LES AVENTURES D'HERCULE est donc un film qui, grâce à sa genèse extraordinaire et son réalisateur illuminé, peut sans aucun mal être cité au chapitre des films les plus fous et bordéliques de l'histoire du cinéma italien (pourtant très riche dans ces domaines). Mêlant encore une fois des genres antagoniques, associant ennui profond et démence graphique, aspergeant le tout de performances d'acteurs exécrables et usant d'artifices aussi visibles qu'un muscle pectoral au milieu d'un Lou Ferrigno, le film de Cozzi atteint les limites de l'acceptable, puis les dépasse sans hésitation. Bien que truffée d'idées et de trouvailles visuelles (rémanence, transparence, superposition d'image, etc...), cette suite au périple herculéen terrifie mais aussi, grâce à son incroyable nullité, fascine. Un film atypique donc, qui ne doit en aucun cas être goûté sans une préparation psychologique et un échauffement des sens digne de ce nom.
L'amateur de curiosités sur pellicule n'aura pas à débourser grand-chose pour découvrir LES AVENTURES D'HERCULE. En effet, le métrage se trouve au verso du disque américain proposant le premier opus sobrement nommé HERCULE. Deux films sur une même galette donc, disponible de surcroît pour une poignée d'euros chez nos voisins d'outre atlantique.
Tout comme le premier film, déjà chroniqué sur le site, LES AVENTURES D'HERCULE dispose d'un transfert au format 1.85 encodé en 16/9ème. La restitution est d'honnête facture malgré un grain assez présent. Les couleurs sont belles et la compression numérique ne se fait sentir que lors du long générique, étrangement moins maitrisé que le reste du métrage. Nous noterons cependant un rendu très variable d'une scène à l'autre et des teintes passant régulièrement du terne au lumineux lors des changements de plan. Ceci n'est bien entendu pas imputable au disque en lui-même mais plutôt à l'historique chaotique du métrage. Les éclairages varient donc, les couleurs changent et l'ensemble s'assombrit par instant, nous faisant partager l'aspect «bricolé» de ce que Cozzi lui-même appelle un inextricable puzzle…
Comme c'est le cas pour HERCULE, ce second volet nous est proposé en version originale anglaise avec sous-titrage français, anglais ou espagnol.

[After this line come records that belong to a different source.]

Lemma cvg_cauchy_seq (u : nat -> A) : cvg (u @ \oo) -> forall eps : R, 0 < eps ->
  exists N, forall p q, (N <= p)%N -> (N <= q)%N -> `|u p - u q| < eps.
Proof.
move=> /cvgrPdist_lt u_cvg eps eps_gt0.
have [N _ NP] := u_cvg (eps / 2) (divr_gt0 eps_gt0 (ltr0Sn _ 1)).
exists N => p q Np Nq.
have -> : u p - u q = (lim (u @ \oo) - u q) - (lim (u @ \oo) - u p).
  by rewrite opprB [RHS]addrC addrA subrK.
by apply: le_lt_trans (ler_normB _ _) _; rewrite [eps]splitr ltrD ?NP.
Qed.

End uniform_cauchy.

Lemma derive_along_line (R : realType) (V W : normedModType R) (g : V -> W)
    (L : {linear W -> R}) (x v : V) (t : R) :
  continuous L -> differentiable g (x + t *: v) ->
  is_derive t 1 (fun s => L (g (x + s *: v))) (L ('d g (x + t *: v) v)).
Proof.
move=> L_cont g_diff; pose line := cst x + ( *:%R^~ v).
have line_diff : is_diff t line (0 + ( *:%R^~ v)) by apply: is_diffD.
have g_isdiff : is_diff (line t) g ('d g (x + t *: v)) by apply: differentiableP.
have L_diff : is_diff (g (line t)) L L.
  by apply: DiffDef; [apply: linear_differentiable | apply: diff_lin].
have comp_diff := is_diff_comp line_diff (is_diff_comp g_isdiff L_diff).
have comp_der : derivable (L \o (g \o line)) t 1 by apply/diff_derivable/ex_diff.
have := derivableP comp_der; rewrite deriveE ?diff_val /=; last exact: ex_diff.
by rewrite add0r scale1r.
Qed.

Lemma mean_value_bound (R : realType) (psi dpsi : R -> R) (M : R) :
  (forall t : R, 0 <= t <= 1 -> is_derive t 1 psi (dpsi t) /\ `|dpsi t| <= M) ->
  `|psi 1 - psi 0| <= M.
Proof.
move=> psiP.
have [c c01 ->] : exists2 c, c \in `[0, 1]%R & psi 1 - psi 0 = dpsi c * (1 - 0).
  apply: MVT_segment => //.
    move=> t; rewrite in_itv /= => /andP[t0 t1].
    by have [] := psiP t; first by rewrite !ltW.
  apply: continuous_in_subspaceT => t; rewrite inE /= in_itv /= => t01.
  have [psi_der _] := psiP t t01.
  by apply/differentiable_continuous/derivable1_diffP; apply: ex_derive.
by rewrite subr0 mulr1; have [] := psiP c; rewrite -?in_itv.
Qed.

Section coordinate_system.
Variables (R : realType) (A : normedModType R).
Variables (n : nat) (e : 'I_n -> A) (lam : 'I_n -> {linear A -> R}) (K : R).
Hypotheses (K_gt0 : 0 < K) (lam_sum : forall x, x = \sum_(i < n) lam i x *: e i)
  (lam_bound : forall i x, `|lam i x| <= K * `|x|).

Lemma linear_coord_bound (W : normedModType R) (T : {linear A -> W}) x :
  `|T x| <= K * (\sum_(i < n) `|T (e i)|) * `|x|.
Proof.
rewrite {1}(lam_sum x) linear_sum mulrAC mulr_sumr /=.
apply: le_trans (ler_norm_sum _ _ _) _; apply: ler_sum => i _.
by rewrite linearZ normrZ ler_wpM2r.
Qed.

Lemma linear_continuous_coord (W : normedModType R) (T : {linear A -> W}) :
  continuous T.
Proof. exact: bounded_linear_continuous (linear_coord_bound T). Qed.

Lemma cauchy_filter_cvg (F : set_system A) : ProperFilter F -> cauchy F -> cvg F.
Proof.
move=> FF /cauchyP F_cauchy.
have lam_cvg i : cvg (lam i @ F).
  apply: cauchy_cvg; apply: cauchy_exP => eps eps_gt0.
  have [x Fx] := F_cauchy (eps / K) (divr_gt0 eps_gt0 K_gt0).
  exists (lam i x); rewrite /fmap /=; move: Fx; apply: filterS => y.
  rewrite -!ball_normE /= -linearB => xy.
  by apply: le_lt_trans (lam_bound _ _) _; rewrite -ltr_pdivlMl // mulrC.
have sum_id : (fun x => \sum_(i < n) lam i x *: e i) = id.
  by apply/funext => x; rewrite -lam_sum.
apply/cvg_ex; exists (\sum_(i < n) lim (lam i @ F) *: e i).
suff : (fun x => \sum_(i < n) lam i x *: e i) @ F -->
       \sum_(i < n) lim (lam i @ F) *: e i by rewrite sum_id.
apply: (cvg_big (op := +%R) (x0 := 0) (P := xpredT) add_continuous) => // i _.
by apply: cvgZ; [exact: lam_cvg | exact: cvg_cst].
Qed.

Lemma unif_cauchy_cvg (S : set A) (u : nat -> A -> A) z :
  unif_cauchy_on S u -> S z -> cvg (u k z @[k --> \oo]).
Proof.
move=> u_cauchy Sz; apply: cauchy_filter_cvg; apply: cauchy_exP => eps eps_gt0.
have [N NP] := u_cauchy eps eps_gt0.
by exists (u N z), N => // p Np; rewrite -ball_normE /= NP.
Qed.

L'interprète principal est toujours doublé mais pour une fois, cela sert le travail du réalisateur qui peut ainsi faire parler la doublure de Lou Ferrigno lorsque l'acteur n'est plus à l'écran ! Un subterfuge de plus pour palier l'absence de la star musculeuse… La piste anglaise, encodée en stéréo, est par ailleurs très claire et ne souffre d'aucun défaut notable, s'il on excepte bien entendu le fait qu'elle ne délivre que d'imbéciles et ennuyeux dialogues...
Au chapitre des bonus, c'est encore une fois le grand vide et nous devrons donc nous contenter d'un chapitrage et d'une bande annonce en version originale non sous-titrée.